# 05.2 - Classification of Scientific Papers Using Open Hugging Face Models

This notebook explores how open LLMs, such a Mistral, Llama, Gemma, Specter, etc., can be used for classifying scientific papers based on the content or their abstracts. Specifically, these models will be used to detect papers that discuss infectious disease modeling, and further identify which modeling techniques are used.

In order to increase the accuracy of the classification, multiple models will be evaluated and employed.
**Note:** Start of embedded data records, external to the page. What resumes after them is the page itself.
Lemma nondecreasing_levels {R : realType} (f : R -> R) (T l : R) : 0 <= T -> 0 <= l ->
  {within `[0, T], continuous f} -> f 0 <= f T ->
  exists c : nat -> R, forall m : nat, m%:R * l <= f T - f 0 ->
    0 <= c m <= T /\ f (c m) = f 0 + m%:R * l.
Proof.
move=> T0 l0 fc f0T.
suff /choice[c cP] : forall m : nat, exists c : R, m%:R * l <= f T - f 0 ->
    0 <= c <= T /\ f c = f 0 + m%:R * l by exists c.
move=> m; have [ml|] := boolP (m%:R * l <= f T - f 0); last by exists 0.
have [|y /[!in_itv] /= yT fy] := IVT T0 fc (v := f 0 + m%:R * l).
  by rewrite (min_l f0T) (max_r f0T) lerDl mulr_ge0 //= -lerBrDl.
by exists y.
Qed.

Lemma nondecreasing_unif_cont {R : realType} (f : R -> R) (T eta : R) : 0 <= T -> 0 < eta ->
  {within `[0, T], continuous f} -> (forall s u, 0 <= s -> s <= u -> u <= T -> f s <= f u) ->
  exists2 dl : R, 0 < dl &
    forall a b, 0 <= a -> a <= b -> b <= T -> b - a <= dl -> f b - f a <= eta.
Proof.
move=> T0 eta0 fc fm; pose l := eta / 2.
have l0 : 0 < l by rewrite divr_gt0.
have f0T : f 0 <= f T by apply: fm.
have [c cP] := nondecreasing_levels _ _ _ T0 (ltW l0) fc f0T.
pose N := Num.truncn ((f T - f 0) / l).
have [g g0 gP] := seq_sep [seq c m | m <- iota 0 N.+1].
exists (g / 2); first by rewrite divr_gt0.
move=> a b a0 ab bT bad; rewrite leNgt; apply/negP => ab_eta.
have fa0 : 0 <= f a - f 0 by rewrite subr_ge0; apply: fm => //; apply: le_trans ab bT.
have /andP[lo hi] := truncn_itv (divr_ge0 fa0 (ltW l0)).
rewrite ler_pdivlMr // ltr_pdivrMr // in lo hi.
(* the consecutive levels m and m.+1 lie strictly between f a and f b *)
set m := (Num.truncn _).+1 in hi.
have ml : m.+1%:R * l = m%:R * l + l by rewrite -natr1 mulrDl mul1r.
have fb_lvl : m.+1%:R * l < f b - f 0.
  rewrite ml /m -natr1 mulrDl mul1r; rewrite /l in lo ab_eta *; lra.
have fT : f b <= f T by apply: fm => //; apply: le_trans ab.
have lvl_le : forall j, (j <= m.+1)%N -> j%:R * l <= f T - f 0.
  move=> j jm; apply: (le_trans _ (lerB fT (lexx (f 0)))).
  by apply: le_trans (ltW fb_lvl); rewrite ler_pM2r // ler_nat.
have mN : (m.+1 <= N)%N.
  rewrite truncn_ge_nat; last by apply: divr_ge0; [rewrite subr_ge0 | apply: ltW].
  by rewrite ler_pdivlMr // lvl_le.
have in_ab y : 0 <= y <= T -> f a < f y < f b -> a < y < b.
  move=> /andP[y0 yT] /andP[fay fyb]; rewrite !ltNge; apply/andP; split; apply/negP => hy.
    by move: fay; rewrite ltNge (fm y a y0 hy (le_trans ab bT)).
  by move: fyb; rewrite ltNge (fm b y (le_trans a0 ab) hy yT).
have [c0 fc0] := cP m (lvl_le _ (leqnSn _)).
have [c1 fc1] := cP m.+1 (lvl_le _ (leqnn _)).
have /andP[am mb] : a < c m < b by apply: in_ab; rewrite // fc0 ml in fc1 *; lra.
have /andP[am1 m1b] : a < c m.+1 < b by apply: in_ab; rewrite // fc1 ml in fc0 *; lra.
have cmm1 : c m != c m.+1 by apply/eqP => e; move: fc1; rewrite -e fc0 ml; lra.
have memc j : (j <= N)%N -> c j \in [seq c m | m <- iota 0 N.+1].
  by move=> jN; apply: map_f; rewrite mem_iota add0n ltnS.
have := gP _ _ (memc _ (ltnW mN)) (memc _ mN) cmm1.
have : `|c m - c m.+1| < b - a by rewrite ltr_norml; apply/andP; split; lra.
lra.
Qed.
Load the training dataset, which includes a column specifyting whether the paper has been manually classificed as a disease modeling paper, or not.

In [None]:
from genscai.data import load_classification_training_data

df = load_classification_training_data()
df.head(5)

Create a model client for classifying papers. The model clients come in three varieties: AisuiteClient, OllamaClient, and HuggingFaceClient. Aisuite works with cloud model providers (e.g. OpenAI) as well as models hosted locally with Ollama. The Ollama client work with models hosted locally with Ollama. And the HuggingFaceClient uses the Hugging Face Transformers library for running models locally.

For local models, Ollama is preferred if device memory is limited, since Ollama hosted models are typically 4-bit quantized. For greater control of quantization and model parameters, Hugging Face Transformer models are preferred.

In [None]:
from genscai.models import HuggingFaceClient, MODEL_KWARGS

client = HuggingFaceClient(HuggingFaceClient.MODEL_DEEPSEEK_R1_8B, MODEL_KWARGS)

# the following only works for HuggingFaceClient since the model is hosted locally.
client.print_model_info()
client.print_device_map()

Classify each of the papers using the following model parameters (e.g. temperature) and prompt.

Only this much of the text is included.